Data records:
┏━━

Lemma sum_f_R0_point (c : R) i N : (i <= N)%nat ->
  sum_f_R0 (fun n => if (n =? i)%nat then c else 0) N = c.
Proof.
  intros HiN. induction N as [|N IH].
  - replace i with 0%nat by lia. reflexivity.
  - cbn [sum_f_R0]. destruct (Nat.eqb_spec (S N) i) as [<- | Hne].
    + rewrite sum_eq_R0; [ring|]. intros n Hn.
      destruct (Nat.eqb_spec n (S N)); [lia | reflexivity].
    + rewrite IH by lia. ring.
Qed.

Lemma sum_f_R0_two_points (f : nat -> R) i j N : (i < j <= N)%nat ->
  (forall n, n <> i -> n <> j -> f n = 0) -> sum_f_R0 f N = f i + f j.
Proof.
  intros Hij Hf.
  rewrite (sum_eq f (fun n => (if (n =? i)%nat then f i else 0) + (if (n =? j)%nat then f j else 0))).
  - rewrite sum_plus, !sum_f_R0_point by lia. reflexivity.
  - intros n _. destruct (Nat.eqb_spec n i), (Nat.eqb_spec n j); subst; try lia; try ring.
    rewrite Hf by assumption. ring.
Qed.

Lemma ex_series_dyadic_bounded (a : nat -> R) C : (forall n, 0 <= a n <= C) ->
  ex_series (fun n => / 2 ^ S n * a n).
Proof.
  intros Ha.
  apply (@ex_series_le R_AbsRing R_CompleteNormedModule _ (fun n => (/ 2) ^ n * C)).
  - intros n. change norm with Rabs. specialize (Ha n).
    rewrite pow_inv.
    assert (0 < / 2 ^ S n <= / 2 ^ n).
    { split; [apply Rinv_0_lt_compat, pow_lt; lra|].
      apply Rinv_le_contravar; [apply pow_lt; lra|]. simpl. pose proof (pow_lt 2 n). lra. }
    rewrite Rabs_pos_eq by nra. nra.
  - apply ex_series_scal_r, ex_series_geom. rewrite Rabs_pos_eq; lra.
Qed.

Definition poisson_pmf (k : nat) (mu : R) : R := exp (- mu) * mu ^ k / INR (fact k).

Definition poisson_cdf (K : nat) (mu : R) : R := sum_f_R0 (fun k => poisson_pmf k mu) K.

Lemma poisson_pmf_nonneg k mu : 0 <= mu -> 0 <= poisson_pmf k mu.
Proof.
  intros Hmu. unfold poisson_pmf, Rdiv.
  pose proof (exp_pos (- mu)). pose proof (pow_le mu k Hmu).
  pose proof (Rinv_0_lt_compat _ (INR_fact_lt_0 k)).
  apply Rmult_le_pos; [apply Rmult_le_pos|]; lra.
Qed.

Lemma poisson_cdf_nonneg K mu : 0 <= mu -> 0 <= poisson_cdf K mu.
Proof. intros Hmu. apply cond_pos_sum. intros k. now apply poisson_pmf_nonneg. Qed.

Lemma poisson_cdf_le_1 K mu : 0 <= mu -> poisson_cdf K mu <= 1.
Proof.
  intros Hmu. unfold poisson_cdf, poisson_pmf.
  rewrite (sum_eq _ (fun k => mu ^ k / INR (fact k) * exp (- mu)))
    by (intros; unfold Rdiv; ring).
  rewrite <- scal_sum.
  replace 1 with (exp (- mu) * exp mu) by (rewrite <- exp_plus, Rplus_opp_l; apply exp_0).
  apply Rmult_le_compat_l; [left; apply exp_pos | now apply exp_ge_taylor].
Qed.

Lemma poisson_pmf_le_1 k mu : 0 <= mu -> poisson_pmf k mu <= 1.
Proof.
  intros Hmu. pose proof (poisson_cdf_le_1 k mu Hmu).
  destruct k as [|k]; unfold poisson_cdf in *; cbn [sum_f_R0] in *; [lra|].
  pose proof (poisson_cdf_nonneg k mu Hmu). unfold poisson_cdf in *. lra.
Qed.

Lemma poisson_pmf_pos k mu : 0 < mu -> 0 < poisson_pmf k mu.
Proof.
  intros Hmu. unfold poisson_pmf, Rdiv.
  pose proof (exp_pos (- mu)). pose proof (pow_lt mu k Hmu).
  pose proof (Rinv_0_lt_compat _ (INR_fact_lt_0 k)).
  apply Rmult_lt_0_compat; [apply Rmult_lt_0_compat|]; lra.
Qed.

Lemma is_derive_poisson_pmf_S k mu :
  is_derive (poisson_pmf (S k)) mu (poisson_pmf k mu - poisson_pmf (S k) mu).
Proof.
  unfold poisson_pmf. auto_derive; [exact I|].
  change (fact k + k * fact k)%nat with (fact (S k)).
  change (match k with 0%nat => 1 | S _ => INR k + 1 end) with (INR (S k)).
  rewrite fact_simpl, mult_INR, S_INR.
  pose proof (INR_fact_lt_0 k). pose proof (pos_INR k).
  simpl pow. field. lra.
Qed.

Lemma is_derive_poisson_cdf K mu : is_derive (poisson_cdf K) mu (- poisson_pmf K mu).
Proof.
  induction K as [|K IH].
  - unfold poisson_cdf, poisson_pmf; simpl. auto_derive; [exact I|]. field.
  - replace (- poisson_pmf (S K) mu)
      with (- poisson_pmf K mu + (poisson_pmf K mu - poisson_pmf (S K) mu)) by ring.
    apply (is_derive_plus (poisson_cdf K) (poisson_pmf (S K))).
    + exact IH.
    + apply is_derive_poisson_pmf_S.
Qed.

Lemma poisson_cdf_MVT K a b : a <= b -> exists xi, a <= xi <= b /\
  poisson_cdf K b - poisson_cdf K a = - poisson_pmf K xi * (b - a).
Proof.
  intros Hab.
  destruct (MVT_gen (poisson_cdf K) a b (fun x => - poisson_pmf K x)) as [xi [Hxi Heq]].
  - intros x _. apply is_derive_poisson_cdf.
  - intros x _. apply derivable_continuous_pt. exists (- poisson_pmf K x).
    apply is_derive_Reals, is_derive_poisson_cdf.
  - rewrite Rmin_left, Rmax_right in Hxi by lra. now exists xi.
Qed.

Lemma poisson_pmf_le_of_log_le k u v : 0 < u -> 0 < v ->
  - u + INR k * ln u <= - v + INR k * ln v -> poisson_pmf k u <= poisson_pmf k v.
Proof.
  intros Hu Hv Hlog. unfold poisson_pmf.
  rewrite <- (Rpower_pow k u Hu), <- (Rpower_pow k v Hv). unfold Rpower.
  rewrite <- !exp_plus. unfold Rdiv.
  apply Rmult_le_compat_r; [left; apply Rinv_0_lt_compat, INR_fact_lt_0|].
  destruct Hlog as [Hlt | ->]; [left; now apply exp_increasing | lra].
Qed.

Lemma poisson_pmf_decreasing k u v : 0 < u -> INR k <= u -> u <= v ->
  poisson_pmf k v <= poisson_pmf k u.
Proof.
  intros Hu Hku Huv. apply poisson_pmf_le_of_log_le; try lra.
  set (q := (v - u) / u).
  assert (Hln : ln v - ln u <= q).
  { rewrite <- ln_div by lra. replace q with (v / u - 1) by (unfold q; field; lra).
    apply ln_le_sub_1, Rdiv_lt_0_compat; lra. }
  assert (Hq : q * u = v - u) by (unfold q; field; lra).
  assert (0 <= q) by (unfold q; apply Rdiv_le_0_compat; lra).
  pose proof (pos_INR k). nra.
Qed.

Lemma poisson_pmf_increasing k u v : 0 < u -> u <= v -> v <= INR k ->
  poisson_pmf k u <= poisson_pmf k v.
Proof.
  intros Hu Huv Hvk. apply poisson_pmf_le_of_log_le; try lra.
  set (q := (v - u) / v).
  assert (Hln : q <= ln v - ln u).
  { assert (ln u - ln v <= - q); [|lra].
    rewrite <- ln_div by lra. replace (- q) with (u / v - 1) by (unfold q; field; lra).
    apply ln_le_sub_1, Rdiv_lt_0_compat; lra. }
  assert (Hq : q * v = v - u) by (unfold q; field; lra).
  assert (0 <= q) by (unfold q; apply Rdiv_le_0_compat; lra).
  pose proof (pos_INR k). nra.
Qed.

Lemma poisson_pmf_unimodal k a x b : 0 < a -> a <= x <= b ->
  Rmin (poisson_pmf k a) (poisson_pmf k b) <= poisson_pmf k x.
Proof.
  intros Ha Hx. destruct (Rle_dec (INR k) x).
  - eapply Rle_trans; [apply Rmin_r | apply poisson_pmf_decreasing; lra].
  - eapply Rle_trans; [apply Rmin_l | apply poisson_pmf_increasing; lra].
Qed.

Lemma Tth_pos M lam : 0 < M -> 0 < lam -> 0 < Tth M lam.
Proof.
  intros HM Hlam. unfold Tth. apply Rdiv_lt_0_compat; [exact HM|].
  rewrite <- ln_1. apply ln_increasing; [lra|].
  pose proof (Rdiv_lt_0_compat M lam HM Hlam). lra.
Qed.

Lemma Tth_le_mean M lam : 0 < M -> 0 < lam -> Tth M lam <= M + lam.
Proof.
  intros HM Hlam. unfold Tth.
  set (L := ln (1 + M / lam)).
  assert (HL : M / (M + lam) <= L).
  { pose proof (ln_le_sub_1 (lam / (M + lam)) ltac:(apply Rdiv_lt_0_compat; lra)) as H.
    replace (lam / (M + lam)) with (/ (1 + M / lam)) in H by (field; lra).
    rewrite ln_Rinv in H by (pose proof (Rdiv_lt_0_compat M lam HM Hlam); lra).
    fold L in H. replace (M / (M + lam)) with (1 - / (1 + M / lam)) by (field; lra). lra. }
  assert (HMl : 0 < M / (M + lam)) by (apply Rdiv_lt_0_compat; lra).
  apply Rle_trans with (M / (M / (M + lam))); [|right; field; lra].
  unfold Rdiv at 1 2. apply Rmult_le_compat_l; [lra|].
  apply Rinv_le_contravar; lra.
Qed.

(* Tth M lam is the k at which p_k(lam) = p_k(M + lam): the maximum-likelihood threshold
   between the two mean counts. *)
Lemma poisson_pmf_below_threshold M lam k : 0 < M -> 0 < lam -> INR k <= Tth M lam ->
  poisson_pmf k (M + lam) <= poisson_pmf k lam.
Proof.
  intros HM Hlam Hk. apply poisson_pmf_le_of_log_le; try lra.
  assert (HL : ln (M + lam) - ln lam = ln (1 + M / lam)).
  { rewrite <- ln_div by lra. f_equal. field. lra. }
  unfold Tth in Hk.
  assert (HLpos : 0 < ln (1 + M / lam)).
  { rewrite <- ln_1. apply ln_increasing; [lra|].
    pose proof (Rdiv_lt_0_compat M lam HM Hlam). lra. }
  assert (INR k * ln (1 + M / lam) <= M).
  { apply Rmult_le_compat_r with (r := ln (1 + M / lam)) in Hk; [|lra].
    unfold Rdiv in Hk. rewrite Rmult_assoc, Rinv_l in Hk; lra. }
  nra.
Qed.

Lemma Pe1_poisson_cdf M lam K x : (forall y, INR y < Tth M lam <-> (y <= K)%nat) ->
  Pe1 M lam x = poisson_cdf K (x + lam).
Proof.
  intros HK. unfold Pe1. rewrite (Series_finite_support _ K).
  - apply sum_eq. intros y Hy.
    destruct (Rlt_dec (INR y) (Tth M lam)) as [_ | Hy']; [reflexivity|].
    exfalso. now apply Hy', HK.
  - intros y Hy. destruct (Rlt_dec (INR y) (Tth M lam)) as [Hy' | _]; [|reflexivity].
    apply HK in Hy'. lia.
Qed.

Fixpoint partial_sum (D : nat -> R) (i : nat) : R :=
  match i with
  | O => 0
  | S i' => partial_sum D i' + D (S i')
  end.

Lemma sum_f_R0_partial_sum D i : sum_f_R0 (fun k => D (S k)) i = partial_sum D (S i).
Proof. induction i as [|i IH]; simpl; [ring|]. rewrite IH. simpl. ring. Qed.

Lemma increment_partial_sum D n : (1 <= n)%nat ->
  D n = partial_sum D n - partial_sum D (n - 1).
Proof.
  intros Hn. destruct n as [|n]; [lia|]. replace (S n - 1)%nat with n by lia. simpl. ring.
Qed.

Lemma feasible_iff_partial_sum_bounds BM D : 0 <= BM ->
  feasible BM D <-> forall i, 0 <= partial_sum D i <= BM.
Proof.
  intros HBM. unfold feasible. split.
  - intros HF [|i]; [simpl; lra|].
    destruct (HF (S i)) as [H1 H2]; [lia|].
    replace (S i - 1)%nat with i in * by lia. rewrite sum_f_R0_partial_sum in *. lra.
  - intros HS i Hi. rewrite sum_f_R0_partial_sum.
    replace (S (i - 1)) with i by lia. specialize (HS i). lra.
Qed.

Definition transfer (D : nat -> R) (k m : nat) (eps : R) (i : nat) : R :=
  if (i =? k)%nat then D i + eps else if (i =? m)%nat then D i - eps else D i.

Lemma partial_sum_transfer D k m eps : (1 <= k < m)%nat -> forall i,
  partial_sum (transfer D k m eps) i =
  partial_sum D i + (if andb (k <=? i)%nat (i <? m)%nat then eps else 0).
Proof.
  intros Hkm i. induction i as [|i IH].
  - simpl. destruct (Nat.leb_spec k 0); simpl; [lia | ring].
  - simpl. rewrite IH. unfold transfer.
    destruct (Nat.eqb_spec (S i) k), (Nat.eqb_spec (S i) m), (Nat.leb_spec k i),
      (Nat.ltb_spec i m), (Nat.leb_spec k (S i)), (Nat.ltb_spec (S i) m);
      simpl; try lia; lra.
Qed.

Lemma feasible_transfer BM D k m eps : 0 <= BM -> (1 <= k < m)%nat -> 0 <= eps ->
  feasible BM D -> (forall i, (k <= i < m)%nat -> partial_sum D i + eps <= BM) ->
  feasible BM (transfer D k m eps).
Proof.
  intros HBM Hkm Heps HF Hroom.
  rewrite feasible_iff_partial_sum_bounds in HF |- * by exact HBM.
  intros i. rewrite partial_sum_transfer by exact Hkm. specialize (HF i).
  destruct (Nat.leb_spec k i), (Nat.ltb_spec i m); simpl; try lra.
  specialize (Hroom i ltac:(lia)). lra.
Qed.

Section Optimal_release.

Variables (M lam BM : R) (K : nat) (Delta : nat -> R).
Hypothesis lam_pos : 0 < lam.
Hypothesis BM_pos : 0 < BM.
Hypothesis BM_lt_M : BM < M.
Hypothesis K_threshold : forall y, INR y < Tth M lam <-> (y <= K)%nat.
Hypothesis Delta_optimal : optimal M lam BM Delta.

Lemma increment_bounds D n : feasible BM D -> (1 <= n)%nat -> - BM <= D n <= BM.
Proof.
  intros HF Hn. rewrite feasible_iff_partial_sum_bounds in HF by lra.
  rewrite (increment_partial_sum D n Hn).
  pose proof (HF n). pose proof (HF (n - 1)%nat). lra.
Qed.

Lemma ex_series_objective D : feasible BM D ->
  ex_series (fun n => / 2 ^ S n * Pe1 M lam (M + D (S n))).
Proof.
  intros HF. apply (ex_series_dyadic_bounded _ 1). intros n.
  rewrite (Pe1_poisson_cdf M lam K _ K_threshold).
  pose proof (increment_bounds D (S n) HF ltac:(lia)).
  split; [apply poisson_cdf_nonneg | apply poisson_cdf_le_1]; lra.
Qed.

┗━━

### EXERCISE
Find and copy each line of the data where "specialize" is present.

### WRITTEN ANSWER
  - intros n. change norm with Rabs. specialize (Ha n).
    replace (S (i - 1)) with i by lia. specialize (HS i). lra.
  intros i. rewrite partial_sum_transfer by exact Hkm. specialize (HF i).
  specialize (Hroom i ltac:(lia)). lra.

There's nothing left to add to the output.